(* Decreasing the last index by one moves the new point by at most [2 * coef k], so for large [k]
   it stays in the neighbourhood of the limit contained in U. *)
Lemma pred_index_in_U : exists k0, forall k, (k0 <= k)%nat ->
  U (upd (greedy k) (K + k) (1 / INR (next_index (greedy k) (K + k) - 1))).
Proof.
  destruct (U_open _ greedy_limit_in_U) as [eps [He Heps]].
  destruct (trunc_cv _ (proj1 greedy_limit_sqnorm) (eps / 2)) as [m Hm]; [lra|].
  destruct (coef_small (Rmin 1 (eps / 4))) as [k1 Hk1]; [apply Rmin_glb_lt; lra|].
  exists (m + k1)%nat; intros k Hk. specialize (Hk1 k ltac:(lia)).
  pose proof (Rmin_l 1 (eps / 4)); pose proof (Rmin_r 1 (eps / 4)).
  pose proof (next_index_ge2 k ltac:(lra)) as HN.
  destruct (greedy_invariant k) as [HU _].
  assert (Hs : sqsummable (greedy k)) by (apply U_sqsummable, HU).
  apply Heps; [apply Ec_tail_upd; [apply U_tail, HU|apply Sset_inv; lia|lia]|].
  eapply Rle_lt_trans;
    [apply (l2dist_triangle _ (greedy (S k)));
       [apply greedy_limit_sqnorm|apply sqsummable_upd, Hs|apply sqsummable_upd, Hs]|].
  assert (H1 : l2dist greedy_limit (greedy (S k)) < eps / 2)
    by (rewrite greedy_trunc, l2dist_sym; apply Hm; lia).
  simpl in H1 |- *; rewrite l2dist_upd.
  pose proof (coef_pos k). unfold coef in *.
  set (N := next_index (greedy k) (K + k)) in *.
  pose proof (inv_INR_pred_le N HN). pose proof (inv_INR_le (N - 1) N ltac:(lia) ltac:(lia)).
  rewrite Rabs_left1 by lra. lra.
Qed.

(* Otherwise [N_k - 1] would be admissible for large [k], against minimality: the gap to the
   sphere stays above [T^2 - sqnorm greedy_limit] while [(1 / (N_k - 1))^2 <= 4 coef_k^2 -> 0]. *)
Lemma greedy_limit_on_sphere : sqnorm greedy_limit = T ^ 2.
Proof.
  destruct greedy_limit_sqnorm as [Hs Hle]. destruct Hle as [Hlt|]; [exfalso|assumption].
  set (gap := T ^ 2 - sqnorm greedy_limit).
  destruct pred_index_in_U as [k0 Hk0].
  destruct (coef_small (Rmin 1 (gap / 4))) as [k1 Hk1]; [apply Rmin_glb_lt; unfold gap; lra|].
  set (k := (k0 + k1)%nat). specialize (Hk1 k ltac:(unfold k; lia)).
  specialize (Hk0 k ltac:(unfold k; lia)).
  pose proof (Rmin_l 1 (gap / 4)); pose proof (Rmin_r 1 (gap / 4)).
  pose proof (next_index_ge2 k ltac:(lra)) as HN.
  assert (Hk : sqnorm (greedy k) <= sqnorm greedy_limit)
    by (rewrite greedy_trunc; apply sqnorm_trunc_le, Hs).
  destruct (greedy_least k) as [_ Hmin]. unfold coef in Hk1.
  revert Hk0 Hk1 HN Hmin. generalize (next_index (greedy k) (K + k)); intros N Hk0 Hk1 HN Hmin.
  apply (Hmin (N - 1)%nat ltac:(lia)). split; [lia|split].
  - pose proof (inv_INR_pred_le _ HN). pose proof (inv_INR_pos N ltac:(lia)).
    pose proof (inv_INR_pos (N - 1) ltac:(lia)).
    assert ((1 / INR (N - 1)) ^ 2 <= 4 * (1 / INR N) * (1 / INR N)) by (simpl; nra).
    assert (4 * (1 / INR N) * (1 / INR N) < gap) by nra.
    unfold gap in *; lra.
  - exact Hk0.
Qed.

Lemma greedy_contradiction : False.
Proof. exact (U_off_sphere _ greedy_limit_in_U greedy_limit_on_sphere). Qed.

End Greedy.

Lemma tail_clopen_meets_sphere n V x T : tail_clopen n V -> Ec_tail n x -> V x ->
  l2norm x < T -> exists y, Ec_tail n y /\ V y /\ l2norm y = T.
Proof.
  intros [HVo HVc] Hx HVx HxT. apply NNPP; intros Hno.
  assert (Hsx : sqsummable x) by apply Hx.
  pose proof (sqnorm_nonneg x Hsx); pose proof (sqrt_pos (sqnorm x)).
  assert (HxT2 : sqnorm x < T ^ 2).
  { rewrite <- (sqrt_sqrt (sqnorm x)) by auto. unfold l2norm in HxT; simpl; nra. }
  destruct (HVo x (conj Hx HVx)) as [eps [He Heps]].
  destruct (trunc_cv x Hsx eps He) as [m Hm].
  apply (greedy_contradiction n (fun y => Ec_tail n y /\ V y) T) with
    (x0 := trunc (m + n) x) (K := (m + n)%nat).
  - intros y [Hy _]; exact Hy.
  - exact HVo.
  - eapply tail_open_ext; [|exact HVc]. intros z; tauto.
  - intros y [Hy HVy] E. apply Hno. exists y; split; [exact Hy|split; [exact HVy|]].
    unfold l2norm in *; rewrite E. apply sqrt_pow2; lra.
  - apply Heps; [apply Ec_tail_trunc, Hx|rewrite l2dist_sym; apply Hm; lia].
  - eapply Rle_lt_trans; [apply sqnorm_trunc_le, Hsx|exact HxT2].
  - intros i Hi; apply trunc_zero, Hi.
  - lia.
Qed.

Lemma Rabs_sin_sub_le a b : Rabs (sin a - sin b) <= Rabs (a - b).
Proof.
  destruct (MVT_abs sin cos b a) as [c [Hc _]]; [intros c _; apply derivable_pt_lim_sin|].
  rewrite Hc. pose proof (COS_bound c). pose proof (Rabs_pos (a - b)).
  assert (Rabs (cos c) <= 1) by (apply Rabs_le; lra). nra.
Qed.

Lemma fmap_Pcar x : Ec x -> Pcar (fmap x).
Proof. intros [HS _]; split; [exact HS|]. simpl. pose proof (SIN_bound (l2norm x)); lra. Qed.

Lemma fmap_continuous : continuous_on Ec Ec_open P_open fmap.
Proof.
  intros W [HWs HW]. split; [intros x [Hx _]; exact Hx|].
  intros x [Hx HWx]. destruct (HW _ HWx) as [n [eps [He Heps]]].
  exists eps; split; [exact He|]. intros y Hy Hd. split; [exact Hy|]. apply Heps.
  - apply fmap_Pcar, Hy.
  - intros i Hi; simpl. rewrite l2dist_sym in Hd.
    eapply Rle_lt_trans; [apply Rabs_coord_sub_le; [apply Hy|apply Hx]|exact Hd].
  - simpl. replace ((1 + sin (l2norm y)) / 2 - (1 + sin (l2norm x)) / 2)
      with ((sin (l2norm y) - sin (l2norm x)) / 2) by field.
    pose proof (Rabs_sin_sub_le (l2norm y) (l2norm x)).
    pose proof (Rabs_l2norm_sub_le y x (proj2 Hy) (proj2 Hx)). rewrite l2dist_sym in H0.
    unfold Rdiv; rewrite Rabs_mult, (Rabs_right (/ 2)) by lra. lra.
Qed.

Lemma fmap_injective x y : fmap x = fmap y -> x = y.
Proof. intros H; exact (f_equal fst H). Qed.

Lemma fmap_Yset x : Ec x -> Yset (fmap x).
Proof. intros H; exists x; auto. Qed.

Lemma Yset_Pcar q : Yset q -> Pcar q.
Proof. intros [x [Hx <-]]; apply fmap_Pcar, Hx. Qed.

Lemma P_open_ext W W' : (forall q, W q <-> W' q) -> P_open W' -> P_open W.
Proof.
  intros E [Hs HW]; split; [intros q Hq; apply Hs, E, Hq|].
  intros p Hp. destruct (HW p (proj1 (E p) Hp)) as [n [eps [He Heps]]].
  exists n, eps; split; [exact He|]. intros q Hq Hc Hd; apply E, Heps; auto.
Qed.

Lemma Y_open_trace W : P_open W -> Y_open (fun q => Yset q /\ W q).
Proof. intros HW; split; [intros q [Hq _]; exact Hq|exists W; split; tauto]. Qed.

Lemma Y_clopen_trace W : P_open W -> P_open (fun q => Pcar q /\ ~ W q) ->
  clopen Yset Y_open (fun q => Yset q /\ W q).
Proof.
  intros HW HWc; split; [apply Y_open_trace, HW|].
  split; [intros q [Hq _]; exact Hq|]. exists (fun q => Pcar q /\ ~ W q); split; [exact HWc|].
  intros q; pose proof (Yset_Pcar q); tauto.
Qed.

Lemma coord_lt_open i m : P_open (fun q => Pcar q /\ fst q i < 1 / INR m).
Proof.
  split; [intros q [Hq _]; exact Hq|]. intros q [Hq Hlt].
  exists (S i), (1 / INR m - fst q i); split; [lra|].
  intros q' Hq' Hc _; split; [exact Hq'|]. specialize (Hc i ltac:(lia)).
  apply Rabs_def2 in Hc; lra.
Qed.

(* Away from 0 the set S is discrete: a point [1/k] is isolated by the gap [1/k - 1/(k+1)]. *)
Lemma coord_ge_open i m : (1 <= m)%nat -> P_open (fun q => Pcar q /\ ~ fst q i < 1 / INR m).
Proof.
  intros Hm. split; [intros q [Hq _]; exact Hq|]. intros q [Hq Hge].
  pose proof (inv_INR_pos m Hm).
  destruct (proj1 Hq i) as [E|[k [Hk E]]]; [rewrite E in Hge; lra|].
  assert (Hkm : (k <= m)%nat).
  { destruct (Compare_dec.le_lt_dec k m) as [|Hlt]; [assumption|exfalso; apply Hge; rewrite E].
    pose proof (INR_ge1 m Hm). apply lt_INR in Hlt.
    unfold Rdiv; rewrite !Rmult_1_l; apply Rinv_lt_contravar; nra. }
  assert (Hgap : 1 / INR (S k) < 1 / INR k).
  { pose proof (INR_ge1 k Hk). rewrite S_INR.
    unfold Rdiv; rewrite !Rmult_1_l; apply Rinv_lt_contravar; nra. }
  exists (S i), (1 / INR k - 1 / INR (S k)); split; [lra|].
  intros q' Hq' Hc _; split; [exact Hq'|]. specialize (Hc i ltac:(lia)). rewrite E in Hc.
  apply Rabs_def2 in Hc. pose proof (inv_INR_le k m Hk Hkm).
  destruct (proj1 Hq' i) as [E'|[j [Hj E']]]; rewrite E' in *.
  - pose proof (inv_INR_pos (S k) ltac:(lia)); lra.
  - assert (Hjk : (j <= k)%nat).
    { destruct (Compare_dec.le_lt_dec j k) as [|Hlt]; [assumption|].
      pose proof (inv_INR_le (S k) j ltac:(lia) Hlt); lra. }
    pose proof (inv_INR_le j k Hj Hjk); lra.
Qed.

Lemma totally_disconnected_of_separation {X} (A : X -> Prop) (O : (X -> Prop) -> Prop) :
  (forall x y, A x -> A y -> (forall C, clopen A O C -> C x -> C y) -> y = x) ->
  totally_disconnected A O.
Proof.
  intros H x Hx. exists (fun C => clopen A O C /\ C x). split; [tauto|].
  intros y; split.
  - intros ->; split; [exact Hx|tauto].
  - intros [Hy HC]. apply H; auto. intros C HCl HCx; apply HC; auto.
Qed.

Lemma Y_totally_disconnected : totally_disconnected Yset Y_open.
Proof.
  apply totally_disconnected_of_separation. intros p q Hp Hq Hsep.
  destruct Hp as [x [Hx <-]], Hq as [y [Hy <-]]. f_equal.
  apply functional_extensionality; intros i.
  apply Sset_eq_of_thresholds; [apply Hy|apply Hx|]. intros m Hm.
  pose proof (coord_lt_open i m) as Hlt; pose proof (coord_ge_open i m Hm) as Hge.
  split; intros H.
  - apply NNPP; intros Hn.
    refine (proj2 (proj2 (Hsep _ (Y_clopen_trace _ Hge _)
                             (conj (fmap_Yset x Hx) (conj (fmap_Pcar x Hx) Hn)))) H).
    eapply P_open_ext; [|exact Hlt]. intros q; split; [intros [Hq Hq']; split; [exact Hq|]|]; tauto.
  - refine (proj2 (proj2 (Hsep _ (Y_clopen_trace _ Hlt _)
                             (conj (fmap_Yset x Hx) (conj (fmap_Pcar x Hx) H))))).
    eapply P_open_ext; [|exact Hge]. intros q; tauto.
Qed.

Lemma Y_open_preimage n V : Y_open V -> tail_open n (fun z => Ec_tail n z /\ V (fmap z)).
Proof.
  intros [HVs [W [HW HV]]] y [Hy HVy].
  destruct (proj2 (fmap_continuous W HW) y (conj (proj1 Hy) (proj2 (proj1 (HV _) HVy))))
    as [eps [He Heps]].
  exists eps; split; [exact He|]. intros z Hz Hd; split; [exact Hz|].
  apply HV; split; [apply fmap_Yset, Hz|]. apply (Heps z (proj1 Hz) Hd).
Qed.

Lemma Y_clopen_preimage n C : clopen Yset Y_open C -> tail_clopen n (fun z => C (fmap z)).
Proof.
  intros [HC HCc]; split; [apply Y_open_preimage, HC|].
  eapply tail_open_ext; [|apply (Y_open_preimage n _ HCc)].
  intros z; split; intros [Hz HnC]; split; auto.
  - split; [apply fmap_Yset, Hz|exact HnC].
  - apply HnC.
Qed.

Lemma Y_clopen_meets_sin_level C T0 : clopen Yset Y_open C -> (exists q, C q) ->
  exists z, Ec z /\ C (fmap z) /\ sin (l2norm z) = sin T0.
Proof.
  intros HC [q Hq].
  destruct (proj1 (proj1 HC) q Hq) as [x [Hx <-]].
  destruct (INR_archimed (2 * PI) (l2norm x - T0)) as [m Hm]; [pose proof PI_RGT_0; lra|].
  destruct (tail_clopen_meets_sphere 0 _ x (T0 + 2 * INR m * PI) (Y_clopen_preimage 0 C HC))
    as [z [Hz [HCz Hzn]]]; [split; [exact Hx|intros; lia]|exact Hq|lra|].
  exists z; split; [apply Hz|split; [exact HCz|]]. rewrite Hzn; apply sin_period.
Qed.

_ _ _ _

→ **ASSIGNMENT**
Nothing but the exact lines from the start of the material through the line holding "pose proof (coef_pos k). unfold coef in *.", both included, belongs in the answer.

→ **THE ANSWER**
(* Decreasing the last index by one moves the new point by at most [2 * coef k], so for large [k]
   it stays in the neighbourhood of the limit contained in U. *)
Lemma pred_index_in_U : exists k0, forall k, (k0 <= k)%nat ->
  U (upd (greedy k) (K + k) (1 / INR (next_index (greedy k) (K + k) - 1))).
Proof.
  destruct (U_open _ greedy_limit_in_U) as [eps [He Heps]].
  destruct (trunc_cv _ (proj1 greedy_limit_sqnorm) (eps / 2)) as [m Hm]; [lra|].
  destruct (coef_small (Rmin 1 (eps / 4))) as [k1 Hk1]; [apply Rmin_glb_lt; lra|].
  exists (m + k1)%nat; intros k Hk. specialize (Hk1 k ltac:(lia)).
  pose proof (Rmin_l 1 (eps / 4)); pose proof (Rmin_r 1 (eps / 4)).
  pose proof (next_index_ge2 k ltac:(lra)) as HN.
  destruct (greedy_invariant k) as [HU _].
  assert (Hs : sqsummable (greedy k)) by (apply U_sqsummable, HU).
  apply Heps; [apply Ec_tail_upd; [apply U_tail, HU|apply Sset_inv; lia|lia]|].
  eapply Rle_lt_trans;
    [apply (l2dist_triangle _ (greedy (S k)));
       [apply greedy_limit_sqnorm|apply sqsummable_upd, Hs|apply sqsummable_upd, Hs]|].
  assert (H1 : l2dist greedy_limit (greedy (S k)) < eps / 2)
    by (rewrite greedy_trunc, l2dist_sym; apply Hm; lia).
  simpl in H1 |- *; rewrite l2dist_upd.
  pose proof (coef_pos k). unfold coef in *.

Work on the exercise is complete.